- _Task requirements_:
Return the line containing "have back := vpreim_vimage idem v_val _ II." and every line after it through the end of the entries below, with no other lines.

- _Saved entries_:
-------------------------
(* Let $R$ be a field, $S$ an idempotent semifield, and $v:R\to S$ a B\'ezout valuation such that the restriction $v^\circ:R^\circ\to S^\circ$ is surjective. Then there is a one-to-one correspondence between ideals $I\subseteq R^\circ$ and $k$-ideals $J\subseteq S^\circ$, given by $J=v(I)$ and $I=v^{-1}(J)$ (i.e. $I=\{a\in R^\circ: v(a)\in J\}$). This correspondence preserves prime ideals.
   Context: An idempotent semiring is a commutative semiring with $a+a=a$; it is ordered by $a\le b$ iff $a+b=b$. A semifield is a semiring whose nonzero elements are multiplicatively invertible. A (non-Archimedean) seminorm $v:R\to S$ satisfies $v(0)=0$, $v(1)=1$, $v(-1)=1$, $v(ab)\le v(a)v(b)$, $v(a+b)\le v(a)+v(b)$; it is a valuation if it is multiplicative ($v(ab)=v(a)v(b)$) and $v(a)\ne0$ for $a\neq0$. $R^\circ=\{a\in R:v(a)\le1\}$ and $S^\circ=\{x\in S:x\le1\}$; $v^\circ$ is the restriction of $v$. For $R$ a field and $S$ a semifield, a multiplicative seminorm $v$ is B\'ezout if for all $a,b\in R$ there exist $x,y\in R^\circ$ with $v(xa+yb)=v(a)+v(b)$. An ideal of a semiring $S'$ is a subset containing $0$, closed under addition and under multiplication by elements of $S'$; it is a $k$-ideal if $a+b\in I$ and $a\in I$ imply $b\in I$; it is prime if its complement is multiplicatively closed. *)

From mathcomp Require Import all_boot all_algebra.
Set Implicit Arguments. Unset Strict Implicit. Unset Printing Implicit Defensive.
Import GRing.Theory.
Local Open Scope ring_scope.

Section Defs.
Variable S : comNzSemiRingType.

Definition idempotent_sr : Prop := forall a : S, a + a = a.
Definition semifield : Prop := forall a : S, a != 0 -> exists b : S, a * b = 1.
Definition leS (a b : S) : Prop := a + b = b.
Definition Scirc (x : S) : Prop := leS x 1.

Variable R : comNzRingType.
Variable v : R -> S.

Definition seminorm : Prop :=
  [/\ v 0 = 0, v 1 = 1, v (-1) = 1,
      (forall a b, leS (v (a * b)) (v a * v b)) &
      (forall a b, leS (v (a + b)) (v a + v b))].

Definition valuation : Prop :=
  [/\ seminorm, (forall a b, v (a * b) = v a * v b) &
      (forall a, a != 0 -> v a != 0)].

Definition Rcirc (a : R) : Prop := leS (v a) 1.

Definition bezout : Prop :=
  forall a b : R, exists x y : R,
    [/\ Rcirc x, Rcirc y & v (x * a + y * b) = v a + v b].

Definition vcirc_surj : Prop := forall x : S, Scirc x -> exists2 a, Rcirc a & v a = x.

Definition ideal_Rcirc (I : R -> Prop) : Prop :=
  [/\ (forall a, I a -> Rcirc a), I 0,
      (forall a b, I a -> I b -> I (a + b)) &
      (forall r a, Rcirc r -> I a -> I (r * a))].

Definition prime_Rcirc (I : R -> Prop) : Prop :=
  ~ I 1 /\ (forall a b, Rcirc a -> Rcirc b -> ~ I a -> ~ I b -> ~ I (a * b)).

Definition kideal_Scirc (J : S -> Prop) : Prop :=
  [/\ (forall x, J x -> Scirc x), J 0,
      (forall x y, J x -> J y -> J (x + y)),
      (forall r x, Scirc r -> J x -> J (r * x)) &
      (forall x y, Scirc x -> Scirc y -> J (x + y) -> J x -> J y)].

Definition prime_Scirc (J : S -> Prop) : Prop :=
  ~ J 1 /\ (forall x y, Scirc x -> Scirc y -> ~ J x -> ~ J y -> ~ J (x * y)).

Definition vimage (I : R -> Prop) : S -> Prop := fun x => exists2 a, I a & v a = x.
Definition vpreim (J : S -> Prop) : R -> Prop := fun a => Rcirc a /\ J (v a).

End Defs.

(* Since R is a field and v is multiplicative, v a <= v c with c <> 0 gives
   a = (a / c) * c with v (a / c) <= 1.  Hence an ideal of R^o contains every
   element whose value lies below the value of one of its elements, and this
   downward closure is exactly the k-property of v(I) in the idempotent
   semiring S^o, where y <= x + y.  Bezout makes v(I) closed under addition,
   surjectivity of v^o lifts elements of S^o back to R^o, and primality is
   transported because v is multiplicative and onto S^o. *)
From mathcomp Require Import all_boot all_algebra.
Set Implicit Arguments. Unset Strict Implicit. Unset Printing Implicit Defensive.
Import GRing.Theory.
Local Open Scope ring_scope.

Section IdempotentSemiring.
Variable S : comNzSemiRingType.
Hypothesis idem : idempotent_sr S.

Lemma leS_refl (a : S) : leS a a.
Proof. exact: idem. Qed.

Lemma leS_trans (a b c : S) : leS a b -> leS b c -> leS a c.
Proof. by rewrite /leS => ab bc; rewrite -bc addrA ab. Qed.

Lemma leS_mul2r (a b c : S) : leS a b -> leS (a * c) (b * c).
Proof. by rewrite /leS => ab; rewrite -mulrDl ab. Qed.

Lemma leS_addl (x y : S) : leS y (x + y).
Proof. by rewrite /leS addrCA idem. Qed.

Lemma Scirc1 : Scirc (1 : S).
Proof. exact: leS_refl. Qed.

Lemma ScircD (x y : S) : Scirc x -> Scirc y -> Scirc (x + y).
Proof. by rewrite /Scirc /leS => x1 y1; rewrite -addrA y1 x1. Qed.

Lemma ScircM (x y : S) : Scirc x -> Scirc y -> Scirc (x * y).
Proof.
by move=> x1 y1; apply: leS_trans (y1); rewrite -{2}[y]mul1r; apply: leS_mul2r.
Qed.

Lemma kideal_Scirc_le (J : S -> Prop) (w z : S) :
  kideal_Scirc J -> J w -> Scirc z -> leS z w -> J z.
Proof.
case=> JS _ _ _ Jk Jw z1 zw; apply: (Jk w z) => //; first exact: JS.
by rewrite addrC zw.
Qed.

End IdempotentSemiring.

Section Valuation.
Variables (R : fieldType) (S : comNzSemiRingType) (v : R -> S).
Hypothesis idem : idempotent_sr S.
Hypothesis v_val : valuation v.

Lemma vM a b : v (a * b) = v a * v b.
Proof. by case: v_val. Qed.

Lemma v0 : v 0 = 0.
Proof. by case: v_val => -[]. Qed.

Lemma v1 : v 1 = 1.
Proof. by case: v_val => -[]. Qed.

Lemma vD_le a b : leS (v (a + b)) (v a + v b).
Proof. by case: v_val => -[]. Qed.

Lemma v_eq0 a : v a = 0 -> a = 0.
Proof.
case: v_val => _ _ v_neq0 va0; apply/eqP; apply: contraT => /v_neq0.
by rewrite va0 eqxx.
Qed.

Lemma v_mulVf c : c != 0 -> v c^-1 * v c = 1.
Proof. by move=> c0; rewrite -vM mulVf // v1. Qed.

Lemma Rcirc1 : Rcirc v 1.
Proof. by rewrite /Rcirc v1; apply: Scirc1. Qed.

Lemma RcircM a b : Rcirc v a -> Rcirc v b -> Rcirc v (a * b).
Proof. by rewrite /Rcirc vM; apply: ScircM. Qed.

Lemma RcircD a b : Rcirc v a -> Rcirc v b -> Rcirc v (a + b).
Proof. by move=> a1 b1; apply: leS_trans (vD_le a b) (ScircD _ _). Qed.

Lemma Rcirc_div a c : c != 0 -> leS (v a) (v c) -> Rcirc v (a / c).
Proof.
move=> c0 ac; rewrite /Rcirc vM -(v_mulVf c0) [X in leS _ X]mulrC.
exact: leS_mul2r.
Qed.

Lemma ideal_Rcirc_le (I : R -> Prop) a c :
  ideal_Rcirc v I -> I c -> leS (v a) (v c) -> I a.
Proof.
case=> _ I0 _ IM Ic ac; have [c0 | c0] := eqVneq c 0.
  by move: ac; rewrite c0 v0 /leS addr0 => /v_eq0 ->.
by rewrite -(divfK c0 a); apply: IM (Rcirc_div c0 ac) Ic.
Qed.

Lemma vpreim_vimage (I : R -> Prop) a :
  ideal_Rcirc v I -> vpreim v (vimage v I) a <-> I a.
Proof.
move=> II; have [IR _ _ _] := II; split => [[_ [c Ic vc]] | Ia].
  by apply: ideal_Rcirc_le II Ic _; rewrite vc; apply: leS_refl.
by split; [apply: IR | exists a].
Qed.

Lemma vimage_kideal (I : R -> Prop) :
  bezout v -> vcirc_surj v -> ideal_Rcirc v I -> kideal_Scirc (vimage v I).
Proof.
move=> bez surj II; have [IR I0 ID IM] := II; split.
- by move=> _ [a Ia <-]; apply: IR.
- by exists 0; rewrite ?v0.
- move=> _ _ [a Ia <-] [b Ib <-]; have [r [s [r1 s1 <-]]] := bez a b.
  by exists (r * a + s * b) => //; apply: ID; apply: IM.
- move=> s _ s1 [a Ia <-]; have [r r1 <-] := surj s s1.
  by exists (r * a); rewrite ?vM //; apply: IM.
- move=> x y _ y1 [c Ic xy] _; have [b _ vb] := surj _ y1.
  exists b => //; apply: ideal_Rcirc_le II Ic _.
  by rewrite vb xy; apply: leS_addl.
Qed.

Lemma vpreim_ideal (J : S -> Prop) :
  kideal_Scirc J -> ideal_Rcirc v (vpreim v J).
Proof.
move=> JJ; have [_ J0 JD JM _] := JJ; split.
- by move=> a [].
- by rewrite /vpreim /Rcirc v0 /leS add0r.
- move=> a b [a1 Ja] [b1 Jb]; split; first exact: RcircD.
  exact: kideal_Scirc_le JJ (JD _ _ Ja Jb) (RcircD a1 b1) (vD_le a b).
- move=> r a r1 [a1 Ja]; split; first exact: RcircM.
  by rewrite vM; apply: JM.
Qed.

Lemma vimage_vpreim (J : S -> Prop) x :
  vcirc_surj v -> (forall y, J y -> Scirc y) -> vimage v (vpreim v J) x <-> J x.
Proof.
move=> surj JS; split=> [[a [_ Ja] <-] // | Jx].
by have [a a1 vax] := surj x (JS x Jx); exists a => //; split; rewrite ?vax.
Qed.

Lemma prime_Rcirc_ext (I I' : R -> Prop) :
  (forall a, I a <-> I' a) -> prime_Rcirc v I -> prime_Rcirc v I'.
Proof.
move=> II' [I1 IM]; split=> [/II' // | a b a1 b1 I'a I'b /II'].
by apply: IM; rewrite // => /II'.
Qed.

Lemma prime_vpreim (J : S -> Prop) :
  vcirc_surj v -> prime_Scirc J <-> prime_Rcirc v (vpreim v J).
Proof.
move=> surj; split=> [[J1 JM] | [I1 IM]].
  split=> [[_] | a b a1 b1 Ja Jb [_]]; first by rewrite v1.
  by rewrite vM; apply: JM => // Jv; [apply: Ja | apply: Jb]; split.
split=> [J1 | x y x1 y1 Jx Jy Jxy]; first by apply: I1; split; [apply: Rcirc1 | rewrite v1].
have [a a1 ea] := surj x x1; have [b b1 eb] := surj y y1; subst x y.
apply: (IM a b a1 b1) => [[] // | [] // | ].
by split; [apply: RcircM | rewrite vM].
Qed.

End Valuation.

Theorem theorem2p12 (R : fieldType) (S : comNzSemiRingType) (v : R -> S) :
  idempotent_sr S -> semifield S ->
  valuation v -> bezout v -> vcirc_surj v ->
  (forall I : R -> Prop, ideal_Rcirc v I ->
     [/\ kideal_Scirc (vimage v I),
         (forall a, vpreim v (vimage v I) a <-> I a) &
         (prime_Rcirc v I <-> prime_Scirc (vimage v I))]) /\
  (forall J : S -> Prop, kideal_Scirc J ->
     [/\ ideal_Rcirc v (vpreim v J),
         (forall x, vimage v (vpreim v J) x <-> J x) &
         (prime_Scirc J <-> prime_Rcirc v (vpreim v J))]).
Proof.
move=> idem _ v_val bez surj; split=> [I II | J JJ].
  have back := vpreim_vimage idem v_val _ II.
  have prime_vI := prime_vpreim idem v_val (vimage v I) surj.
  split; [exact: vimage_kideal | exact: back | split => [pI | /prime_vI pvI]].
    by apply/prime_vI; apply: prime_Rcirc_ext pI => a; apply: iff_sym.
  exact: prime_Rcirc_ext pvI.
have [JS _ _ _ _] := JJ.
split; [exact: vpreim_ideal | move=> x | exact: prime_vpreim].
exact: vimage_vpreim.
Qed.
-------------------------
- _Your solution_:
  have back := vpreim_vimage idem v_val _ II.
  have prime_vI := prime_vpreim idem v_val (vimage v I) surj.
  split; [exact: vimage_kideal | exact: back | split => [pI | /prime_vI pvI]].
    by apply/prime_vI; apply: prime_Rcirc_ext pI => a; apply: iff_sym.
  exact: prime_Rcirc_ext pvI.
have [JS _ _ _ _] := JJ.
split; [exact: vpreim_ideal | move=> x | exact: prime_vpreim].
exact: vimage_vpreim.
Qed.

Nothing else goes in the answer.